RECORD EXTRACTS:
Lemma mulmx_cols_mx_eq n m (A : 'M[R]_n) (a b : 'I_m -> 'cV[R]_n) :
  A *m cols_mx a = cols_mx b -> forall k, A *m a k = b k.
Proof. by move=> Aab k; rewrite -(cols_mx_delta a) -(cols_mx_delta b) mulmxA Aab. Qed.

End ColumnMatrices.

Lemma cols_mx_rinv (F : fieldType) n m (a : 'I_m -> 'cV[F]_n) :
  (<<[seq a i | i <- enum 'I_m]>>)%VS = fullv ->
  exists C : 'M[F]_(m, n), cols_mx a *m C = 1%:M.
Proof.
move=> a_span.
have col_comb j : exists d : 'cV[F]_m, cols_mx a *m d = delta_mx j 0.
  have : delta_mx j 0 \in <<[seq a i | i <- enum 'I_m]>>%VS by rewrite a_span memvf.
  rewrite span_def big_map big_enum /= => /memv_sumP [vs vs_line vs_sum].
  have /fin_all_exists [c c_eq] i : exists c, vs i = c *: a i.
    exact/vlineP/vs_line.
  exists (\col_i c i); rewrite vs_sum cols_mx_mulE.
  by apply: eq_bigr => i _; rewrite mxE c_eq.
have [D D_eq] := fin_all_exists col_comb.
exists (cols_mx D); rewrite mulmx_cols_mx; apply/matrixP => i j.
by rewrite mxE D_eq !mxE andbT.
Qed.

Section InnerProduct.
Variables (R : realType) (n : nat).
Local Notation V := 'cV[R]_n.
Implicit Types (u v w : V).

Lemma dotvC u v : dotv u v = dotv v u.
Proof. by rewrite /dotv -[in RHS](trmxK u) -trmx_mul [RHS]mxE. Qed.

Lemma dotvDl u v w : dotv (u + v) w = dotv u w + dotv v w.
Proof. by rewrite /dotv linearD mulmxDl mxE. Qed.

Lemma dotvZl a u w : dotv (a *: u) w = a * dotv u w.
Proof. by rewrite /dotv linearZ /= -scalemxAl [LHS]mxE. Qed.

Lemma dotvBl u v w : dotv (u - v) w = dotv u w - dotv v w.
Proof. by rewrite dotvDl -scaleN1r dotvZl mulN1r. Qed.

Lemma dotvBr u v w : dotv w (u - v) = dotv w u - dotv w v.
Proof. by rewrite !(dotvC w) dotvBl. Qed.

Lemma dotv_suml I (s : seq I) (P : pred I) (F : I -> V) w :
  dotv (\sum_(i <- s | P i) F i) w = \sum_(i <- s | P i) dotv (F i) w.
Proof. by rewrite /dotv linear_sum mulmx_suml summxE. Qed.

Lemma dotv_ge0 v : 0 <= dotv v v.
Proof. by rewrite /dotv mxE sumr_ge0 // => i _; rewrite mxE -expr2 sqr_ge0. Qed.

Lemma dotv_eq0 v : dotv v v = 0 -> v = 0.
Proof.
by move=> vv0; apply: trmx_mul_self_eq0; apply/matrixP => i j; rewrite !ord1 [RHS]mxE.
Qed.

Lemma dotv_mulmxl (A : 'M[R]_n) u v : dotv (A *m u) v = dotv u (A^T *m v).
Proof. by rewrite /dotv trmx_mul mulmxA. Qed.

Lemma dotv_orthogonal (A : 'M[R]_n) u v :
  A^T *m A = 1%:M -> dotv (A *m u) (A *m v) = dotv u v.
Proof. by move=> AA; rewrite dotv_mulmxl mulmxA AA mul1mx. Qed.

Lemma vnorm_eq u v : (vnorm u = vnorm v) <-> (dotv u u = dotv v v).
Proof.
split=> [|uv]; last by rewrite /vnorm uv.
by move/eqP; rewrite eqr_sqrt ?dotv_ge0 // => /eqP.
Qed.

Lemma polarization (a b a' b' : V) :
  dotv a a = dotv a' a' -> dotv b b = dotv b' b' ->
  dotv (a - b) (a - b) = dotv (a' - b') (a' - b') -> dotv a b = dotv a' b'.
Proof. by rewrite !dotvBl !dotvBr (dotvC b a) (dotvC b' a'); lra. Qed.

Definition gram m (a : 'I_m -> V) : 'M[R]_m := \matrix_(i, j) dotv (a i) (a j).

Lemma gramE m (a : 'I_m -> V) : gram a = (cols_mx a)^T *m cols_mx a.
Proof.
apply/matrixP => i j; rewrite /gram /dotv !mxE; apply: eq_bigr => k _; by rewrite !mxE.
Qed.

End InnerProduct.

Section OrthogonalProjection.
Variables (R : realType) (n : nat).
Local Notation V := 'cV[R]_n.
Variables (W : {vspace V}) (f : V -> V).
Hypothesis f_proj : is_orth_proj W f.

Lemma proj_mem v : f v \in W.
Proof. by case: (f_proj v). Qed.

Lemma proj_orth v w : w \in W -> dotv (v - f v) w = 0.
Proof. by case: (f_proj v) => _; apply. Qed.

Lemma proj_unique v a :
  a \in W -> (forall w, w \in W -> dotv (v - a) w = 0) -> f v = a.
Proof.
move=> aW va_orth; apply/eqP; rewrite -subr_eq0; apply/eqP/dotv_eq0.
have dW : f v - a \in W by rewrite rpredB ?proj_mem.
have E : f v - a = (v - a) - (v - f v) by rewrite opprB [RHS]addrC addrA subrK.
by rewrite {1}E dotvBl va_orth ?proj_orth ?subrr.
Qed.

Lemma proj_id x : x \in W -> f x = x.
Proof.
by move=> xW; apply: proj_unique => // w _; rewrite subrr -(scale0r 0) dotvZl mul0r.
Qed.

Lemma proj_eq0 v : (forall w, w \in W -> dotv v w = 0) -> f v = 0.
Proof.
by move=> v_orth; apply: proj_unique; rewrite ?mem0v // => w; rewrite subr0; apply: v_orth.
Qed.

Lemma dotv_projl v w : w \in W -> dotv (f v) w = dotv v w.
Proof. by move=> wW; apply/eqP; rewrite eq_sym -subr_eq0 -dotvBl proj_orth. Qed.

Lemma proj_linear a u v : f (a *: u + v) = a *: f u + f v.
Proof.
apply: proj_unique => [|w wW]; first by rewrite rpredD ?rpredZ ?proj_mem.
have -> : a *: u + v - (a *: f u + f v) = a *: (u - f u) + (v - f v).
  by rewrite scalerBr opprD addrACA.
by rewrite dotvDl dotvZl !proj_orth // mulr0 addr0.
Qed.

Lemma proj_cols_mx m (a : 'I_m -> V) (d : 'cV[R]_m) :
  f (cols_mx a *m d) = cols_mx (fun k => f (a k)) *m d.
Proof.
rewrite !cols_mx_mulE; elim/big_rec2: _ => [|k x y _ <-]; first exact/proj_id/mem0v.
by rewrite proj_linear.
Qed.

(* An isometry mapping [W] onto itself also preserves its orthogonal complement. *)
Lemma proj_mulmx (A : 'M[R]_n) :
  A^T *m A = 1%:M -> (forall x, (exists2 w, w \in W & A *m w = x) <-> x \in W) ->
  forall v, f (A *m v) = A *m f v.
Proof.
move=> AA AW v; apply: proj_unique; first by apply/AW; exists (f v); rewrite ?proj_mem.
by move=> _ /AW [w wW <-]; rewrite -mulmxBr dotv_orthogonal // proj_orth.
Qed.

End OrthogonalProjection.

Section OrthogonalDecomposition.
Variables (R : realType) (n r : nat).
Local Notation V := 'cV[R]_n.
Variables (W : 'I_r -> {vspace V}) (proj : 'I_r -> V -> V).
Hypothesis W_orth :
  forall l1 l2, l1 != l2 -> forall u v, u \in W l1 -> v \in W l2 -> dotv u v = 0.
Hypothesis W_sum : (\sum_(l < r) W l)%VS = fullv.
Hypothesis proj_W : forall l, is_orth_proj (W l) (proj l).

Lemma proj_mem_orth l l' w : l != l' -> w \in W l' -> proj l w = 0.
Proof.
move=> ne wW; apply: (proj_eq0 (proj_W l)) => v vW.
by apply: (W_orth _ wW vW); rewrite eq_sym.
Qed.

(* [v - \sum_l proj l v] is orthogonal to every [W l], hence to their sum, which is
   the whole space. *)
Lemma sum_proj v : \sum_l proj l v = v.
Proof.
apply/esym/eqP; rewrite -subr_eq0; apply/eqP/dotv_eq0; set u := v - _.
have u_orth l w : w \in W l -> dotv u w = 0.
  move=> wW; rewrite dotvBl dotv_suml (bigD1 l) //= (dotv_projl (proj_W l)) //.
  rewrite big1 ?addr0 ?subrr // => l' ne.
  exact: (W_orth ne (proj_mem (proj_W l') v) wW).
have /memv_sumP [ws ws_W u_eq] : u \in (\sum_(l < r) W l)%VS by rewrite W_sum memvf.
rewrite {1}u_eq dotv_suml big1 // => l _.
by rewrite dotvC (u_orth l) ?ws_W.
Qed.

Lemma dotv_sum_proj u v : dotv u v = \sum_l dotv (proj l u) (proj l v).
Proof.
rewrite -{1}(sum_proj u) dotv_suml; apply: eq_bigr => l _.
by rewrite dotvC -(dotv_projl (proj_W l) v) ?(proj_mem (proj_W l)) // dotvC.
Qed.

Lemma gram_sum_proj m (a : 'I_m -> V) :
  gram a = \sum_l gram (fun k => proj l (a k)).
Proof.
apply/matrixP => i j; rewrite summxE mxE dotv_sum_proj.
by apply: eq_bigr => l _; rewrite mxE.
Qed.

Lemma mem_of_proj_eq0 l v : (forall l', l' != l -> proj l' v = 0) -> v \in W l.
Proof.
by move=> v_proj; rewrite -(sum_proj v) (bigD1 l) //= big1 ?addr0 ?(proj_mem (proj_W l)).
Qed.

Lemma mulmx_onto (A : 'M[R]_n) :
  A *m A^T = 1%:M -> (forall l w, w \in W l -> A *m w \in W l) ->
  forall l x, (exists2 w, w \in W l & A *m w = x) <-> x \in W l.
Proof.
move=> AA AW l x; split=> [[w wW <-]|xW]; first exact: AW.
exists (A^T *m x); last by rewrite mulmxA AA mul1mx.
apply: mem_of_proj_eq0 => l' ne; apply: (proj_eq0 (proj_W l')) => z zW.
rewrite dotv_mulmxl trmxK; apply: (W_orth _ xW (AW _ _ zW)).
by rewrite eq_sym.
Qed.

(* If [w = P d] lies in [W l], its other projections [proj l' (P d)] vanish; equal Gram
   matrices of the projected families transport this to [proj l' (A w)]. *)
Lemma mulmx_stable m (a b : 'I_m -> V) (A : 'M[R]_n) (C : 'M[R]_(m, n)) :
  cols_mx a *m C = 1%:M -> A *m cols_mx a = cols_mx b ->
  (forall l, gram (fun k => proj l (a k)) = gram (fun k => proj l (b k))) ->
  forall l w, w \in W l -> A *m w \in W l.
Proof.
move=> aC Aab gram_ab l w wW.
have w_eq : w = cols_mx a *m (C *m w) by rewrite mulmxA aC mul1mx.
apply: mem_of_proj_eq0 => l' ne.
have Pd0 : cols_mx (fun k => proj l' (a k)) *m (C *m w) = 0.
  by rewrite -(proj_cols_mx (proj_W l')) -w_eq (proj_mem_orth ne wW).
rewrite w_eq mulmxA Aab (proj_cols_mx (proj_W l')).
by apply: (gram_mulmx_eq0 _ Pd0); rewrite -!gramE gram_ab.
Qed.

End OrthogonalDecomposition.

Section InducedAutomorphism.
Variables (R : realType) (n m : nat).
Local Notation V := 'cV[R]_n.
Variables (p : 'I_m -> V) (pi : {perm 'I_m}).

Lemma geom_aut_idx_mulmx (A : 'M[R]_n) :
  A^T *m A = 1%:M -> (forall k, A *m p k = p (pi k)) -> geom_aut_idx p pi.
Proof.
move=> AA Ap i j; rewrite -!Ap -mulmxBr.
by split; apply/vnorm_eq; rewrite dotv_orthogonal.
Qed.

Variable f : V -> V.

Lemma in_proj_set k : f (p k) \in proj_set p f.
Proof. by apply: map_f; rewrite mem_enum. Qed.

Lemma induced_map_proj : respects p f pi ->
  forall k, induced_map p f pi (f (p k)) = f (p (pi k)).
Proof.
move=> pi_resp k; rewrite /induced_map; case: pickP => [k0 /eqP k0k | /(_ k)]; last first.
  by rewrite eqxx.
have [q' _ pi_class] := pi_resp _ (in_proj_set k).
have /imset_f pik : k \in eq_class p f (f (p k)) by rewrite inE.
have /imset_f pik0 : k0 \in eq_class p f (f (p k)) by rewrite inE k0k.
by move: (pik _ pi) (pik0 _ pi); rewrite pi_class !inE => /eqP -> /eqP ->.
Qed.

Lemma gram_induced : induced_geom_aut p f pi ->
  gram (fun k => f (p (pi k))) = gram (fun k => f (p k)).
Proof.
move=> [pi_resp [_ _ pi_iso]]; apply/matrixP => i j; rewrite !mxE.
have [ii ij] := pi_iso _ _ (in_proj_set i) (in_proj_set j).
have [jj _] := pi_iso _ _ (in_proj_set j) (in_proj_set i).
rewrite !induced_map_proj // in ii ij jj.
by apply/esym/polarization; apply/vnorm_eq.
Qed.

Lemma induced_geom_aut_mulmx (W : {vspace V}) (A : 'M[R]_n) :
  is_orth_proj W f -> A^T *m A = 1%:M -> (forall k, A *m p k = p (pi k)) ->
  (forall x, (exists2 w, w \in W & A *m w = x) <-> x \in W) ->
  induced_geom_aut p f pi.
Proof.
move=> f_proj AA Ap AW.
have A_inj : injective (fun v : V => A *m v).
  by apply: (can_inj (g := mulmx A^T)) => v; rewrite mulmxA AA mul1mx.
have f_pi k : f (p (pi k)) = A *m f (p k) by rewrite -Ap (proj_mulmx f_proj).
have pi_resp : respects p f pi.
  move=> _ /mapP [k _ ->]; exists (f (p (pi k))); first exact: in_proj_set.
  apply/setP => k'; rewrite -[k' in LHS](permKV pi) mem_imset ?inE; last exact: perm_inj.
  by rewrite -[k' in RHS](permKV pi) !f_pi (inj_eq A_inj).
split=> //; split.
- by move=> _ /mapP [k _ ->]; rewrite induced_map_proj // in_proj_set.
- move=> _ _ /mapP [k _ ->] /mapP [k' _ ->]; rewrite !induced_map_proj // !f_pi.
  by move/A_inj.
- move=> _ _ /mapP [k _ ->] /mapP [k' _ ->]; rewrite !induced_map_proj // !f_pi.
  by rewrite -mulmxBr; split; apply/vnorm_eq; rewrite dotv_orthogonal.
Qed.

End InducedAutomorphism.

Theorem lemma2 (R : realType) (n m r : nat) (p : 'I_m -> 'cV[R]_n)
  (W : 'I_r -> {vspace 'cV[R]_n}) (proj : 'I_r -> 'cV[R]_n -> 'cV[R]_n)
  (pi : {perm 'I_m}) :
  injective p ->
  (forall i, rational_pt (p i)) ->
  (<<[seq p i | i <- enum 'I_m]>>)%VS = fullv ->
  (forall l1 l2, l1 != l2 -> forall u v, u \in W l1 -> v \in W l2 -> dotv u v = 0) ->
  (\sum_(l < r) W l)%VS = fullv ->
  (forall l, is_orth_proj (W l) (proj l)) ->
  (geom_aut_idx p pi /\
   exists A : 'M[R]_n,
     [/\ A *m A^T = 1%:M, forall i, A *m p i = p (pi i) &
         forall l x, (exists2 w, w \in W l & A *m w = x) <-> x \in W l])
  <-> (forall l, induced_geom_aut p (proj l) pi).
Proof.
move=> _ _ p_span W_orth W_sum proj_W; split.
  move=> [_ [A [AA Ap AW]]] l.
  exact: (induced_geom_aut_mulmx (proj_W l) (mulmx1C AA) Ap (AW l)).
move=> pi_ind; pose q k := p (pi k).
have [C pC] := cols_mx_rinv p_span.
have gram_pq : gram q = gram p.
  rewrite !(gram_sum_proj W_orth W_sum proj_W); apply: eq_bigr => l _.
  exact: (gram_induced (pi_ind l)).
have gram_mx : (cols_mx p)^T *m cols_mx p = (cols_mx q)^T *m cols_mx q.
  by rewrite -!gramE gram_pq.
have [A [Apq AA]] := orthogonal_extension pC gram_mx.
have Ap := mulmx_cols_mx_eq Apq.
have AAt := mulmx1C AA.
split; first exact: geom_aut_idx_mulmx Ap.
exists A; split=> //; apply: (mulmx_onto W_orth W_sum proj_W AAt).
apply: (mulmx_stable W_orth W_sum proj_W pC Apq) => l.
by rewrite /q (gram_induced (pi_ind l)).
Qed.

TASK DESCRIPTION:
Every line above from the line with "have dW : f" to the line with "End OrthogonalProjection.", inclusive, must be returned exactly; no other line belongs in the reply.

ANSWER BOX:
have dW : f v - a \in W by rewrite rpredB ?proj_mem.
have E : f v - a = (v - a) - (v - f v) by rewrite opprB [RHS]addrC addrA subrK.
by rewrite {1}E dotvBl va_orth ?proj_orth ?subrr.
Qed.

Lemma proj_id x : x \in W -> f x = x.
Proof.
by move=> xW; apply: proj_unique => // w _; rewrite subrr -(scale0r 0) dotvZl mul0r.
Qed.

Lemma proj_eq0 v : (forall w, w \in W -> dotv v w = 0) -> f v = 0.
Proof.
by move=> v_orth; apply: proj_unique; rewrite ?mem0v // => w; rewrite subr0; apply: v_orth.
Qed.

Lemma dotv_projl v w : w \in W -> dotv (f v) w = dotv v w.
Proof. by move=> wW; apply/eqP; rewrite eq_sym -subr_eq0 -dotvBl proj_orth. Qed.

Lemma proj_linear a u v : f (a *: u + v) = a *: f u + f v.
Proof.
apply: proj_unique => [|w wW]; first by rewrite rpredD ?rpredZ ?proj_mem.
have -> : a *: u + v - (a *: f u + f v) = a *: (u - f u) + (v - f v).
  by rewrite scalerBr opprD addrACA.
by rewrite dotvDl dotvZl !proj_orth // mulr0 addr0.
Qed.

Lemma proj_cols_mx m (a : 'I_m -> V) (d : 'cV[R]_m) :
  f (cols_mx a *m d) = cols_mx (fun k => f (a k)) *m d.
Proof.
rewrite !cols_mx_mulE; elim/big_rec2: _ => [|k x y _ <-]; first exact/proj_id/mem0v.
by rewrite proj_linear.
Qed.

(* An isometry mapping [W] onto itself also preserves its orthogonal complement. *)
Lemma proj_mulmx (A : 'M[R]_n) :
  A^T *m A = 1%:M -> (forall x, (exists2 w, w \in W & A *m w = x) <-> x \in W) ->
  forall v, f (A *m v) = A *m f v.
Proof.
move=> AA AW v; apply: proj_unique; first by apply/AW; exists (f v); rewrite ?proj_mem.
by move=> _ /AW [w wW <-]; rewrite -mulmxBr dotv_orthogonal // proj_orth.
Qed.

End OrthogonalProjection.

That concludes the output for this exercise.